- Venue: Stade de France, Paris, France
- Date: 7 August 2024 (qualification) 10 August 2024 (final);
- Winning distance: 65.80 m

Medalists
- 1st place, gold medalist(s):  / Haruka Kitaguchi / Japan
- 2nd place, silver medalist(s):  / Jo-Ané van Dyk / South Africa
- 3rd place, bronze medalist(s):  / Nikola Ogrodníková / Czech Republic

= Athletics at the 2024 Summer Olympics – Women's javelin throw =

The women's javelin throw at the 2024 Summer Olympics was held in Paris, France, on 7 and 10 August 2024. This was the 22nd time that the event was contested at the Summer Olympics.

==Summary==
Liu Shiying did not return to defend her title, silver medalist Maria Andrejczyk and bronze Kelsey-Lee Barber were back, as was 2016 Gold Medalist Sara Kolak. Barber won the 2019 and 2022 World Championships. Lü Huihui won silver back in 2015 and had two bronzes from 2017 and 2019. Haruka Kitaguchi won the 2023 World Championships on the last throw to beat Flor Ruiz and bronze medalist Mackenzie Little. Ruiz is the seasonal World Leader from the 2024 Ibero-American Championships in Athletics back in May.
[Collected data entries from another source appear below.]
(* Let $\mathcal{C}$ be an idempotent Mal'cev clone on $\{0,1,2\}$ that contains a majority operation and preserves none of $\mu_0,\mu_1,\mu_2$ and $\varphi$. Then $\mathcal{C}\equiv_{\mathrm{m}}\mathcal{C}_2$ or $\mathcal{C}\equiv_{\mathrm{m}}\mathcal{I}_2$.
   Context: A clone is idempotent if $f(x,\dots,x)\approx x$ for all its operations; Mal'cev if it contains $d$ with $d(y,x,x)\approx d(x,x,y)\approx y$; a majority operation satisfies $m(x,y,y)\approx m(y,x,y)\approx m(y,y,x)\approx y$. $\mu_i$ is the equivalence relation on $\{0,1,2\}$ with classes $\{i\}$ and $\{0,1,2\}\setminus\{i\}$; $\varphi=\{(0,1),(1,2),(2,0)\}$. $\mathcal{C}_2=\mathrm{Pol}(\{0,1\};\neq,\{0\},\{1\})$ and $\mathcal{I}_2=\mathrm{Pol}(\{0,1\};\{0\},\{1\})$, where $\mathrm{Pol}(\Gamma)$ is the clone of operations preserving all relations of $\Gamma$. For an $n$-ary $f$ and $\sigma\colon[n]\to[r]$, $f_\sigma(x_1,\dots,x_r)=f(x_{\sigma(1)},\dots,x_{\sigma(n)})$; a minion homomorphism is an arity-preserving map $\xi$ between clones with $\xi(f_\sigma)=\xi(f)_\sigma$; $\mathcal{C}\equiv_{\mathrm{m}}\mathcal{D}$ means there are minion homomorphisms in both directions. *)

From mathcomp Require Import all_boot.
Set Implicit Arguments. Unset Strict Implicit. Unset Printing Implicit Defensive.

Definition op (T : finType) (n : nat) := {ffun {ffun 'I_n -> T} -> T}.

Definition opset (T : finType) := forall n : nat, op T n -> Prop.

Definition proj_op (T : finType) (n : nat) (i : 'I_n) : op T n :=
  [ffun x : {ffun 'I_n -> T} => x i].
Definition comp_op (T : finType) (n m : nat) (f : op T n) (g : 'I_n -> op T m)
  : op T m := [ffun x : {ffun 'I_m -> T} => f [ffun i => g i x]].

Definition is_clone (T : finType) (C : opset T) : Prop :=
  (forall n (i : 'I_n), C n (proj_op T i)) /\
  (forall n m (f : op T n) (g : 'I_n -> op T m),
      C n f -> (forall i, C m (g i)) -> C m (comp_op f g)).

Definition minor (T : finType) (n r : nat) (sigma : 'I_n -> 'I_r) (f : op T n)
  : op T r := [ffun x : {ffun 'I_r -> T} => f [ffun i => x (sigma i)]].

Definition minion_hom (T U : finType) (C : opset T) (D : opset U)
  (xi : forall n, op T n -> op U n) : Prop :=
  (forall n f, C n f -> D n (xi n f)) /\
  (forall n r (sigma : 'I_n -> 'I_r) (f : op T n),
      C n f -> xi r (minor sigma f) = minor sigma (xi n f)).

Definition minion_equiv (T U : finType) (C : opset T) (D : opset U) : Prop :=
  (exists xi, minion_hom C D xi) /\ (exists zeta, minion_hom D C zeta).

Definition relk (T : finType) (k : nat) := pred {ffun 'I_k -> T}.

Definition preserves (T : finType) (n k : nat) (f : op T n) (R : relk T k) : Prop :=
  forall r : 'I_n -> {ffun 'I_k -> T},
    (forall j, R (r j)) -> R [ffun l : 'I_k => f [ffun j => r j l]].

Fixpoint Pol (T : finType) (Gamma : list {k : nat & relk T k}) : opset T :=
  fun n f => match Gamma with
             | nil => True
             | cons (existT k R) G => preserves f R /\ Pol G f
             end.

Definition rel1 (T : finType) (P : pred T) : relk T 1 :=
  fun t => P (t ord0).
Definition rel2 (T : finType) (R : rel T) : relk T 2 :=
  fun t => R (t ord0) (t ord_max).

Definition tri (T : finType) (a b c : T) : {ffun 'I_3 -> T} :=
  [ffun i : 'I_3 => if val i == 0 then a else if val i == 1 then b else c].

Definition idempotent_clone (T : finType) (C : opset T) : Prop :=
  forall n (f : op T n), C n f -> forall x : T, f [ffun _ => x] = x.

Definition has_malcev (T : finType) (C : opset T) : Prop :=
  exists d : op T 3, C 3 d /\
    forall x y : T, d (tri y x x) = y /\ d (tri x x y) = y.

Definition has_majority (T : finType) (C : opset T) : Prop :=
  exists m : op T 3, C 3 m /\
    forall x y : T, [/\ m (tri x y y) = y, m (tri y x y) = y & m (tri y y x) = y].
(* Work in two bases: a normalizing basis of E*-eigenvectors, in which A is a
   hollow tridiagonal matrix B with constant row sums th_0, and a basis of
   A-eigenvectors, in which A* has a matrix Y.  A tridiagonal matrix is
   diagonally symmetrizable, so A and A* (hence every E_i) are self-adjoint for
   one nondegenerate bilinear form: Delta is undirected, and the tail forces the
   columns 0 and 1 of Y to be supported on {0,1} and {0,1,2}.  Hence if s is the
   th_0-eigenvector whose normalizing coordinates are all 1, then
   (A* - a*_0) s is a th_1-eigenvector and (A* - a*_1)(A* - a*_0) s - b*_0 c*_1 s
   a th_2-eigenvector.  Their normalizing coordinates are polynomials in the
   th*_k, and the first and last rows of B, each with the single entry th_0,
   give four scalar relations from which psi and zeta are solved. *)

From HB Require Import structures.
From mathcomp Require Import all_boot all_order all_algebra.
From mathcomp Require Import ring zify.

Set Implicit Arguments. Unset Strict Implicit. Unset Printing Implicit Defensive.
Import GRing.Theory.
Local Open Scope ring_scope.

Section Coordinates.
Variables (F : fieldType) (n : nat).
Implicit Types (X Y M U W DU DW : 'M[F]_n) (u : 'I_n -> 'cV[F]_n).

Definition basis_mx u : 'M[F]_n := \matrix_(i, j) u j i 0.

Lemma represents_mulmx X u Y : represents X u Y -> X *m basis_mx u = basis_mx u *m Y.
Proof.
move=> rep; apply/matrixP=> i j; rewrite !mxE.
under eq_bigr do rewrite mxE.
have := congr1 (fun c : 'cV[F]_n => c i 0) (rep j); rewrite /= mxE summxE => ->.
by apply: eq_bigr => k _; rewrite !mxE mulrC.
Qed.

Lemma represents_mxE X u Y : basis_cols u -> represents X u Y ->
  X = basis_mx u *m Y *m invmx (basis_mx u).
Proof. by move=> u_basis /represents_mulmx <-; rewrite mulmxK. Qed.

Lemma represents_eigen X u (c : 'I_n -> F) :
  (forall j, X *m u j = c j *: u j) -> represents X u (diag_mx (\row_j c j)).
Proof.
move=> eig j; rewrite eig (bigD1 j) //= big1 ?addr0 => [|i /negPf nij].
  by rewrite !mxE eqxx mulr1n.
by rewrite mxE nij mulr0n scale0r.
Qed.

Lemma change_basis_intertwine X W U DW DU : W \in unitmx ->
  X *m W = W *m DW -> X *m U = U *m DU -> DW *m (invmx W *m U) = invmx W *m U *m DU.
Proof.
move=> W_unit XW XU; have -> : DW = invmx W *m X *m W by rewrite -mulmxA XW mulKmx.
by rewrite !mulmxA mulmxK // -[LHS]mulmxA XU mulmxA.
Qed.

Lemma delta_mx_sandwich M i j :
  delta_mx i i *m M *m delta_mx j j = M i j *: delta_mx i j.
Proof.
apply/matrixP=> a b; rewrite !mxE (bigD1 j) //= big1 ?addr0; last first.
  by move=> k /negPf nkj; rewrite !mxE nkj /= mulr0.
rewrite !mxE (bigD1 i) //= big1 ?addr0; last first.
  by move=> k /negPf nki; rewrite !mxE nki andbF mul0r.
rewrite !mxE !eqxx /= andbT.
by case: (a == i); case: (b == j); rewrite ?(mulr1n, mulr0n, mulr1, mul1r, mulr0, mul0r).
Qed.

Section Projections.
Variables (P : 'I_n -> 'M[F]_n) (u : 'I_n -> 'cV[F]_n).
Hypothesis P_orth : forall i j, P i *m P j = if i == j then P i else 0.
Hypothesis u_in_P : forall i, exists x, u i = P i *m x.
Hypothesis u_basis : basis_cols u.

Lemma represents_proj k : represents (P k) u (delta_mx k k).
Proof.
move=> j; have [x ux] := u_in_P j; rewrite ux mulmxA P_orth.
rewrite (bigD1 k) //= big1 ?addr0 => [|i /negPf nik]; last first.
  by rewrite mxE nik scale0r.
rewrite mxE eqxx [j == k]eq_sym.
by case: (eqVneq k j) => [->|_]; rewrite ?ux ?scale1r ?scale0r ?mul0mx.
Qed.

Lemma combination_proj_eigvec (c : 'I_n -> F) j :
  (\sum_i c i *: P i) *m u j = c j *: u j.
Proof.
have [x ux] := u_in_P j; rewrite mulmx_suml (bigD1 j) //= big1 ?addr0.
  by rewrite -scalemxAl ux mulmxA P_orth eqxx.
by move=> i /negPf nij; rewrite -scalemxAl ux mulmxA P_orth nij mul0mx scaler0.
Qed.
In the qualification round there were eight automatic qualifiers over 62 metres. Andrejczyk, Ruiz, Jo-Ané van Dyk and Kitaguchi got it on their first attempt. It took 61.08m to get the small q, eliminating Lü and Barber.

Andrejczyk started the action off with 62.44m. After three other throwers, Kitaguchi got off a good one, . Five throwers later Kathryn Mitchell moved into second place with 62.63m. Near the end of the first round, Yulenmis Aguilar advanced ahead of her with a 62.78m. In the second round, Ruiz took over second position throwing 63 metres exactly. Then in the third round, van Dyk went from 10th place, in danger of not getting her final attempts, to second position with a 63.93m. Two throws later, Sara Kolak was in 11th place, then threw 63.40m to grab onto the podium. Kolak would hold that spot for five more throwers, then Nikola Ogrodníková leapfrogged from dead last to bronze with 63.68m. Those extra three attempts did not prove to be significant, nobody was able to improve, though Kitaguchi did back up her winning first round throw with a 64.73m.

== Background ==
The women's javelin throw has been present on the Olympic athletics programme since 1932.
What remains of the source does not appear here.